*** Opening Source data ***

Lemma J2_presented : presented_by J2
  [:: [set o 0; o 1]; [set o 1; o 2; o 4]; [set o 2; o 3]; [set o 0; o 3; o 4]]
  [:: [set o 0; o 2]; [set o 1; o 3]; [set o 0; o 1; o 4]; [set o 2; o 3; o 4]].
Proof. by move=> F; rewrite inE; truth_table F. Qed.

Lemma O6_presented : presented_by O6
  [:: [set o 0; o 2; o 4]; [set o 0; o 2; o 5]; [set o 0; o 3; o 4]; [set o 0; o 3; o 5];
      [set o 1; o 2; o 4]; [set o 1; o 2; o 5]; [set o 1; o 3; o 4]; [set o 1; o 3; o 5]]
  [:: [set o 0; o 1]; [set o 2; o 3]; [set o 4; o 5]].
Proof. by move=> F; rewrite inE; truth_table F. Qed.

Lemma bdry_plus_pt1_presented : presented_by (bdry_plus_pt 1)
  [:: [set o 0]; [set o 1]; [set o 2]] [:: [set o 0; o 1]; [set o 0; o 2]; [set o 1; o 2]].
Proof.
have max2 : ord_max = o 2 :> 'I_3 by apply: val_inj; rewrite /= val_o.
move=> F; rewrite inE properE eqEsubset [_ \subset [set _ | _]]subset_enum.
rewrite [[set _ | _] \subset _]subset_enum enum_ord_o /= !inE max2.
by truth_table F.
Qed.

Lemma minor_faces_setUr (V : finType) (C : {set {set V}}) (I R X : {set V}) :
  [disjoint I & R] -> X \subset I ->
  (X \in minor_faces C (~: (I :|: R)) R) = (X :|: R \in C).
Proof.
move=> dIR XI; apply/imsetP/idP => [[G]|XRC].
  rewrite inE => /and3P[GC RG _] ->; suff -> : G :\: R :|: R = G by [].
  apply/setP => z; rewrite !inE.
  by case: (boolP (z \in R)) => [/(subsetP RG)->|]; rewrite ?orbT ?orbF.
exists (X :|: R).
  by rewrite inE XRC subsetUr disjoints_subset setCK setSU.
by rewrite setDUl setDv setU0; apply/esym/setDidPl/(disjointWl XI).
Qed.

Lemma iso_to_minor n (K : {set {set 'I_n}}) (V : finType) (C : {set {set V}})
    (R : {set V}) (f : 'I_n -> V) :
  injective f -> [disjoint f @: setT & R] -> (forall F, (F \in K) = (f @: F :|: R \in C)) ->
  iso_to K (minor_ground (~: (f @: setT :|: R)) R) (minor_faces C (~: (f @: setT :|: R)) R).
Proof.
move=> f_inj dfR fK; exists f; split=> // [|F].
  apply/setP => z; rewrite !inE.
  have [zR|zR] := boolP (z \in R); first by rewrite (disjointFl dfR zR) orbT.
  by rewrite !orbF negbK.
by rewrite minor_faces_setUr ?imsetS ?subsetT //; apply: fK.
Qed.

Definition minor_free (V : finType) (C : {set {set V}}) n (K : {set {set 'I_n}}) :=
  forall S R : {set V}, R \in C -> [disjoint S & R] ->
    ~ iso_to K (minor_ground S R) (minor_faces C S R).

Lemma beta_avoiding_minor_free (V : finType) (C : {set {set V}}) : beta_avoiding C ->
  [/\ minor_free C P4, minor_free C O6, minor_free C J1, minor_free C J2
    & minor_free C (bdry_plus_pt 1)].
Proof.
by move=> hB; split=> S R RC dSR; case: (hB S R RC dSR) => [? [? [? [? [? [? bd]]]]]];
  last exact: bd.
Qed.

Lemma no_presented_copy n (K : {set {set 'I_n}}) facets nonfaces
    (V : finType) (C : {set {set V}}) (R : {set V}) (s : seq V) (x0 : V) :
  is_complex C -> minor_free C K -> presented_by K facets nonfaces ->
  R \in C -> uniq s -> size s = n -> [disjoint [set x in s] & R] ->
  all (fun G : {set 'I_n} => [set nth x0 s i | i : 'I_n in G] :|: R \in C) facets ->
  all (fun M : {set 'I_n} => [set nth x0 s i | i : 'I_n in M] :|: R \notin C) nonfaces ->
  False.
Proof.
move=> hC freeK presK RC s_uniq s_size dsR facesC nonfacesC.
pose f (i : 'I_n) := nth x0 s i.
have f_inj : injective f.
  by move=> i j /eqP; rewrite nth_uniq ?s_size // => /eqP/val_inj.
have dfR : [disjoint f @: setT & R].
  apply: disjointWl dsR; apply/subsetP => _ /imsetP[i _ ->].
  by rewrite inE mem_nth ?s_size.
apply: (freeK _ R RC _ (iso_to_minor f_inj dfR _)).
  by rewrite disjoints_subset setCS subsetUr.
apply: (presented_byE (g := fun F => f @: F :|: R \in C) presK _ facesC nonfacesC).
by move=> A B AB gB; apply: hC gB _; apply/setSU/imsetS.
Qed.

*** Closing Source data ***

Work item :: I'd like an exact copy of the lines above, from the very first one through the line that contains "Lemma O6_presented : presented_by O6", with nothing else added.

Output of the exercise ::
Lemma J2_presented : presented_by J2
  [:: [set o 0; o 1]; [set o 1; o 2; o 4]; [set o 2; o 3]; [set o 0; o 3; o 4]]
  [:: [set o 0; o 2]; [set o 1; o 3]; [set o 0; o 1; o 4]; [set o 2; o 3; o 4]].
Proof. by move=> F; rewrite inE; truth_table F. Qed.

Lemma O6_presented : presented_by O6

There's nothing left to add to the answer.